▶ [EXERCISE DIRECTIONS] One range is to be output from the listing below, exactly as written: the line with "left_end d <= left_end (S" to the line with "exact (proj1 (proj2_sig", both kept.

▶ [RECORDED DATA]
□ □ □ □

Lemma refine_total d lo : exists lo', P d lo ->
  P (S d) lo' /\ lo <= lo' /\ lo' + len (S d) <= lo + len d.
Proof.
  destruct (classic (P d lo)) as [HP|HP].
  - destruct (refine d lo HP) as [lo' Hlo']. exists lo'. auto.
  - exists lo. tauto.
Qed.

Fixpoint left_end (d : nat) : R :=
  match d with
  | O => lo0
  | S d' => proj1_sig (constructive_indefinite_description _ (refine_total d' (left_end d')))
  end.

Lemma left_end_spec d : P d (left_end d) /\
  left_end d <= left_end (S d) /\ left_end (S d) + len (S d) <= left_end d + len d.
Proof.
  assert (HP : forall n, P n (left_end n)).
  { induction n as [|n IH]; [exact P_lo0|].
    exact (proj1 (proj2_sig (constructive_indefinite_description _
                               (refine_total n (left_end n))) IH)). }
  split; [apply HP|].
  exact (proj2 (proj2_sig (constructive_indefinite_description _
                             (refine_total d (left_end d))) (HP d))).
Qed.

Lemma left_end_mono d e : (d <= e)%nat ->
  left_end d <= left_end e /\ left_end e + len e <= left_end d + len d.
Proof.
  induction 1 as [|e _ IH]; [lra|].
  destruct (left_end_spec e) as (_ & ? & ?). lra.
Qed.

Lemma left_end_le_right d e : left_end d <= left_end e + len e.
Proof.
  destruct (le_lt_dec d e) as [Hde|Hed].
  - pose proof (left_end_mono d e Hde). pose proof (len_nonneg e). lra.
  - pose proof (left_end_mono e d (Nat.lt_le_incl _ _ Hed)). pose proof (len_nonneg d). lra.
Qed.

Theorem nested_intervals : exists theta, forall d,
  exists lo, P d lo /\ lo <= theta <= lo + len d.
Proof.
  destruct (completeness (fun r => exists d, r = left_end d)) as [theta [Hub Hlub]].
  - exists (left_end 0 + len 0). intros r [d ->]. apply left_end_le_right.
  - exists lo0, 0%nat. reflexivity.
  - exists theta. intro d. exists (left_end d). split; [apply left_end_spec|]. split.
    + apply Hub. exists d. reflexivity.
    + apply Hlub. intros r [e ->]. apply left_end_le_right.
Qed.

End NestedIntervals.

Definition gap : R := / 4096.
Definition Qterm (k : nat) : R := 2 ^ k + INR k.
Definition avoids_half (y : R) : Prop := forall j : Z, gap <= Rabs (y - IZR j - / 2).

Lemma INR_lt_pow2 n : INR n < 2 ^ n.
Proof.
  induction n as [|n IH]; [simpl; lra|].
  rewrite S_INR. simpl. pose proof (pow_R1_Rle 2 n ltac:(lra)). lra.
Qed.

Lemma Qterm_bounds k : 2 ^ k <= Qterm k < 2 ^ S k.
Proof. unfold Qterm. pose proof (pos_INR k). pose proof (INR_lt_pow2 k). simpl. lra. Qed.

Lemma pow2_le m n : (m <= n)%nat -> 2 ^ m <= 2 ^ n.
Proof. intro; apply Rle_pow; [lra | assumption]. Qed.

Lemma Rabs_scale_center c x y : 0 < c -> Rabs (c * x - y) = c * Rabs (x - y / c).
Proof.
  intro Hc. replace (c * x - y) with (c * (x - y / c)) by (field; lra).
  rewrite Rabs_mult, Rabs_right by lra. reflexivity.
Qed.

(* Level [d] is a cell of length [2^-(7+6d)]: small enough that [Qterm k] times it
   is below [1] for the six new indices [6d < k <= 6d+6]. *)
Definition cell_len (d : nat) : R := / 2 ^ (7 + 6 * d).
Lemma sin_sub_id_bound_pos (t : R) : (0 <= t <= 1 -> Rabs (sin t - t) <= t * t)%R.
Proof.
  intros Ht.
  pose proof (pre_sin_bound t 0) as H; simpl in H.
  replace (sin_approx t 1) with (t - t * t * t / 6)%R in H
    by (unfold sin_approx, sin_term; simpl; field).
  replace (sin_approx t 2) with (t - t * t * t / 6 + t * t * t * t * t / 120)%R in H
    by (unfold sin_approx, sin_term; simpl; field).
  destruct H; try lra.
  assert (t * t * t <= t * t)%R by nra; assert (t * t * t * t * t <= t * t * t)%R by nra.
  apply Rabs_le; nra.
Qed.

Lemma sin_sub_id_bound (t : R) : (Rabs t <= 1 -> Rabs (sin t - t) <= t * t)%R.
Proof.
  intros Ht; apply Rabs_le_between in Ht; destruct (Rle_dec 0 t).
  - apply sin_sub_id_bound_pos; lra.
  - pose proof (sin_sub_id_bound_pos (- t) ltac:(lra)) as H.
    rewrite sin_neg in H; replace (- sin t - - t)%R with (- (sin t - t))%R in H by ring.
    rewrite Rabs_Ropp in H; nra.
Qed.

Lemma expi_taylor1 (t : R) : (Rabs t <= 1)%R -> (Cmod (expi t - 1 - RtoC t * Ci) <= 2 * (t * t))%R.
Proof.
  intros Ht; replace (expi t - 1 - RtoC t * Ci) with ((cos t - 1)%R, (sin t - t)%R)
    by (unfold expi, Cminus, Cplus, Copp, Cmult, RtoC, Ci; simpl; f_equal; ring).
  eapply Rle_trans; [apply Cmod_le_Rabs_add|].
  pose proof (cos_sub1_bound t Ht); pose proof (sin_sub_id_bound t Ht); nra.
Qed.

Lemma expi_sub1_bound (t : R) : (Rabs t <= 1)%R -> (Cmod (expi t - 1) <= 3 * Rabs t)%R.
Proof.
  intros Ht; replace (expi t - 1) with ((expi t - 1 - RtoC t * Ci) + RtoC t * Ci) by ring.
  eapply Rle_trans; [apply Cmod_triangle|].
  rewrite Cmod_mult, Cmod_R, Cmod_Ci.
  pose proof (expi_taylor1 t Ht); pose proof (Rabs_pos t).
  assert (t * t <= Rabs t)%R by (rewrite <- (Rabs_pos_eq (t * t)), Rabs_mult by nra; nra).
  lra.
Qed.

□ □ □ □

▶ [YOUR RESPONSE]
  left_end d <= left_end (S d) /\ left_end (S d) + len (S d) <= left_end d + len d.
Proof.
  assert (HP : forall n, P n (left_end n)).
  { induction n as [|n IH]; [exact P_lo0|].
    exact (proj1 (proj2_sig (constructive_indefinite_description _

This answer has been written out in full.